Hyperacidity, GERD, and ulcers:

Indications for: ZEGERID

Short-term treatment of active benign gastric ulcer, active duodenal ulcer, erosive esophagitis (EE). Symptomatic GERD. Maintenance of healing of EE. To reduce risk of upper GI bleed in critically ill patients (40mg oral susp only).

Adult Dosage:

Take on empty stomach. Caps: swallow whole with water only. Susp: mix in 15–30mL water only; drink immediately; refill cup with water and drink; or, may give via NG/OG tube (see full labeling). Due to sodium bicarbonate component, two 20mg packets or caps are not equivalent to one 40mg packet or cap. ≥18yrs: Active duodenal ulcer: 20mg once daily for 4 weeks; may continue 4 more weeks. Gastric ulcer: 40mg once daily for 4–8 weeks.
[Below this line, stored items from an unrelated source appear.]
Lemma definable_tuple_code vs : forall v L K mv, mv <> v -> definable L K ->
  exists L', definable L' (fun env => exists a ns, length ns = length vs /\ isN a /\
    Forall isN ns /\ tuple_code a ns (env mv) /\ K (assign env (v :: vs) (a :: ns))).
Proof.
  induction vs as [|u vs IH]; intros v L K mv Hmv HK.
  - exists (mv :: L).
    apply (definable_ext _ (fun env => isN (env mv) /\ K (upd env v (env mv)))).
    + apply definable_and; [apply definable1_isNat; simpl; auto |].
      now apply definable_subst_var.
    + intro env; split.
      * intros [Ha HKa]; exists (env mv), []; repeat split; auto.
      * intros (a & [|] & Hl & Ha & _ & Hc & HKa); [simpl in Hc; subst; auto | discriminate].
  - (* [a] is kept in the fresh variable [w], the code of the tail in [cv]. *)
    set (w := fresh (v :: mv :: u :: vs ++ L)).
    set (cv := fresh (w :: v :: mv :: u :: vs ++ L)).
    assert (Hw : ~ In w (v :: mv :: u :: vs ++ L)) by apply fresh_not_In.
    assert (Hcv : ~ In cv (w :: v :: mv :: u :: vs ++ L)) by apply fresh_not_In.
    clearbody w cv; simpl in Hw, Hcv; rewrite in_app_iff in Hw, Hcv.
    destruct (IH u (w :: L) (fun env => K (upd env v (env w))) cv)
      as [L3 HInner]; [intuition congruence | apply definable_subst_var; intuition congruence |].
    set (Inner := fun env : nat -> M => exists b ns, _) in HInner.
    set (P := fun env : nat -> M =>
                isN (env w) /\ pair_code (env cv) (env w) (env mv) /\ Inner env).
    assert (HP : definable (w :: cv :: mv :: L3) P).
    { pose proof definable1_isNat; pose proof definable3_pair_code.
      apply definable_and; [solve_definable |]; apply definable_and; [solve_definable |].
      apply (definable_incl L3); [exact HInner | intros y Hy; simpl; auto]. }
    exists (w :: cv :: mv :: L3).
    apply (definable_exists_upd (w :: cv :: mv :: L3) _ w
             (fun env => exists c, P (upd env cv c))).
    { refine (definable_exists_upd _ _ cv P _ HP _ _);
        [intros y Hy; right; exact Hy | reflexivity]. }
    { intros; auto. }
    assert (HK_upd : forall env a c ns, length ns = length (u :: vs) ->
      K (upd (assign (upd (upd env w a) cv c) (u :: vs) ns) v
             (assign (upd (upd env w a) cv c) (u :: vs) ns w)) <->
      K (upd (assign env (u :: vs) ns) v a)).
    { intros env a c ns Hl; rewrite assign_out by (simpl; tauto).
      rewrite upd_neq, upd_eq by intuition congruence.
      apply (definable_agree _ _ _ _ HK); intros z Hz.
      apply (upd_agree _ _ _ _ (fun y => In y L)); [| exact Hz].
      intros y Hy _; apply assign_agree; [exact Hl |]; intros _; rewrite !upd_neq; auto;
        intros ->; tauto. }
    intro env; split.
    + intros (a & [|b ns] & Hl & Ha & Hns & Hc & HKa); [discriminate |].
      destruct Hc as (c & Hc & Hp); inversion Hns; subst.
      exists a, c; unfold P, Inner.
      rewrite (upd_neq _ cv c w), upd_eq, upd_eq, (upd_neq _ cv c mv), (upd_neq _ w a mv)
        by intuition congruence.
      repeat split; auto; exists b, ns; repeat split; auto.
      now apply HK_upd; [simpl in Hl |- *; congruence |].
    + intros (a & c & HPac); unfold P, Inner in HPac.
      rewrite (upd_neq _ cv c w), upd_eq, upd_eq, (upd_neq _ cv c mv), (upd_neq _ w a mv)
        in HPac by intuition congruence.
      destruct HPac as (Ha & Hp & b & ns & Hl & Hb & Hns & Hc & HKb).
      exists a, (b :: ns); repeat split; auto; [simpl; congruence | exists c; auto |].
      apply HK_upd in HKb; [exact HKb | simpl; congruence].
Qed.

Definition std_nat (x : M) := isN x /\ std x.

(** A tuple has many codes, and every standard code of a standard tuple must
    decide [R]. *)
Definition std_coded (k : nat) (R : M -> list M -> Prop) :=
  exists S, std S /\ (forall x, x ∈ S -> isN x) /\
    forall a ns m, length ns = k -> std_nat a -> Forall std_nat ns -> std m ->
      tuple_code a ns m -> (m ∈ S <-> R a ns).

Lemma std_coded_sat psi (e : nat -> M) v vs :
  std_coded (length vs) (fun a ns => sat (assign e (v :: vs) (a :: ns)) psi).
Proof.
  set (mv := fresh (v :: free_list psi)).
  assert (Hmv : ~ In mv (v :: free_list psi)) by apply fresh_not_In.
  clearbody mv; simpl in Hmv.
  destruct (definable_tuple_code vs v (free_list psi) (fun env => sat env psi) mv) as [L HL];
    [intuition congruence | apply definable_sat |].
  destruct omega_exists as [W HW].
  destruct (separation _ _ e mv W HL) as [A HA].
  destruct (ax_stpart M A) as (B & HBs & HBnat & HBA);
    [intros x Hx; apply HA, proj1, HW in Hx; exact Hx |].
  exists B; split; [exact HBs | split; [exact HBnat |]].
  intros a ns m Hl [Ha Has] Hns Hms Hm.
  assert (Hsat : forall a' ns', length ns' = length vs ->
    sat (assign (upd e mv m) (v :: vs) (a' :: ns')) psi <->
    sat (assign e (v :: vs) (a' :: ns')) psi).
  { intros a' ns' Hl'; apply sat_agree; intros y Hy; apply assign_agree; [simpl; congruence |].
    intros _; apply free_list_spec in Hy; rewrite upd_neq; intuition congruence. }
  rewrite HBA, HA, HW, upd_eq by (auto; exact (tuple_code_isNat _ _ _ Ha Hm)); split.
  - intros (_ & a' & ns' & Hl' & _ & _ & Hm' & Hsat'); apply Hsat in Hsat'; [| exact Hl'].
    destruct (tuple_code_inj a ns a' ns' m) as [-> ->]; auto; congruence.
  - intro Hs; split; [exact (tuple_code_isNat _ _ _ Ha Hm) |].
    exists a, ns; repeat split; auto.
    + eapply Forall_impl; [| exact Hns]; intros n [Hn _]; exact Hn.
    + now apply Hsat.
Qed.

Lemma std_coded_forall k R :
  std_coded (S k) R -> std_coded k (fun a ns => forall b, isN b -> std b -> R b (a :: ns)).
Proof.
  intros (S' & HS's & _ & HS').
  destruct (standard_separation
              (fun s m => forall b, isN b -> forall m', pair_code m b m' -> m' ∈ s) S')
    as (T & HTs & HT); [| exact HS's |].
  { pose proof definable1_isNat; pose proof definable3_pair_code.
    intros L i j Hi Hj; solve_definable. }
  exists T; split; [exact HTs | split; [intros x Hx; now apply HT in Hx |]].
  intros a ns m Hl Ha Hns Hms Hm; rewrite HT; split.
  - intros [_ Hall] b Hb Hbs.
    destruct (pair_code_standard m b) as (m' & Hm's & Hm'); auto.
    + exact (tuple_code_isNat _ _ _ (proj1 Ha) Hm).
    + apply (HS' b (a :: ns) m'); try split; simpl; auto; [now exists m | now apply (Hall b)].
  - intro Hall; split; [exact (tuple_code_isNat _ _ _ (proj1 Ha) Hm) |].
    pose proof definable1_isNat; pose proof definable3_pair_code.
    apply (transfer_forall4 (fun m s _ b => isN b -> forall m', pair_code m b m' -> m' ∈ s)
             m S' m); auto; [intros L i j k' l Hi Hj Hk Hl'; cbv beta; solve_definable |].
    intros b Hbs Hb.
    apply (transfer_forall4 (fun m b s m' => pair_code m b m' -> m' ∈ s) m b S'); auto;
      [intros L i j k' l Hi Hj Hk Hl'; cbv beta; solve_definable |].
    intros m' Hm's Hm'; apply (HS' b (a :: ns) m'); try split; simpl; auto.
    now exists m.
Qed.

Lemma std_coded_exists k R :
  std_coded (S k) R -> std_coded k (fun a ns => exists b, isN b /\ std b /\ R b (a :: ns)).
Proof.
  intros (S' & HS's & _ & HS').
  destruct (standard_separation
              (fun s m => exists b, isN b /\ exists m', pair_code m b m' /\ m' ∈ s) S')
    as (T & HTs & HT); [| exact HS's |].
  { pose proof definable1_isNat; pose proof definable3_pair_code.
    intros L i j Hi Hj; solve_definable. }
  exists T; split; [exact HTs | split; [intros x Hx; now apply HT in Hx |]].
  intros a ns m Hl Ha Hns Hms Hm; rewrite HT; split.
  - intros [_ Hex]; pose proof definable1_isNat; pose proof definable3_pair_code.
    destruct (transfer_exists4 (fun m s _ b => isN b /\ exists m', pair_code m b m' /\ m' ∈ s)
                m S' m) as (b & Hbs & Hb & Hbm); auto.
    { intros L i j k' l Hi Hj Hk Hl'; cbv beta; solve_definable. }
    destruct (transfer_exists4 (fun m b s m' => pair_code m b m' /\ m' ∈ s) m b S')
      as (m' & Hm's & Hm' & Hm'S); auto.
    { intros L i j k' l Hi Hj Hk Hl'; cbv beta; solve_definable. }
    exists b; repeat split; auto; apply (HS' b (a :: ns) m'); try split; simpl; auto.
    now exists m.
  - intros (b & Hb & Hbs & HR); split; [exact (tuple_code_isNat _ _ _ (proj1 Ha) Hm) |].
    destruct (pair_code_standard m b) as (m' & Hm's & Hm'); auto.
    + exact (tuple_code_isNat _ _ _ (proj1 Ha) Hm).
    + exists b; split; [exact Hb |]; exists m'; split; [exact Hm' |].
      apply (HS' b (a :: ns) m'); try split; simpl; auto; now exists m.
Qed.

Lemma std_coded_prenex qs psi (e : nat -> M) : forall v vs,
  std_coded (length vs) (fun a ns => sat_prenex M qs psi (assign e (v :: vs) (a :: ns))).
Proof.
  induction qs as [|[[|] u] qs IH]; intros v vs.
  - apply std_coded_sat.
  - exact (std_coded_forall _ _ (IH u (v :: vs))).
  - exact (std_coded_exists _ _ (IH u (v :: vs))).
Qed.

End Spot.

Theorem proposition2p7 (M : SPOT) (qs : list (quant * nat)) (psi : form)
    (nv : nat) (e : nat -> M) :
  exists S : M, st M S /\
    forall n : M, st M n ->
      (mem M n S <-> (isNat (mem M) n /\ sat_prenex M qs psi (upd e nv n))).
Proof.
  destruct (std_coded_prenex M qs psi e nv []) as (S & HSs & HSnat & HS).
  exists S; split; [exact HSs |]; intros n Hn.
  assert (HSn : isNat (mem M) n -> mem M n S <-> sat_prenex M qs psi (upd e nv n))
    by (intro Hnat; apply (HS n [] n); repeat split; auto).
  split.
  - intro HnS; pose proof (HSnat n HnS) as Hnat; split; [exact Hnat | now apply HSn].
  - intros [Hnat Hsat]; now apply HSn.
Qed.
GERD (no esophageal lesions): 20mg once daily for up to 4 weeks. EE with GERD symptoms: 20mg once daily for 4–8 weeks. Maintenance of healing of EE: 20mg once daily. GI bleed risk reduction: Day 1: initially 40mg susp once then 40mg susp 6–8hrs later, then 40mg susp once daily for up to 14 days.

Children Dosage:

<18yrs: not established.

ZEGERID Contraindications:

Concomitant rilpivirine-containing products.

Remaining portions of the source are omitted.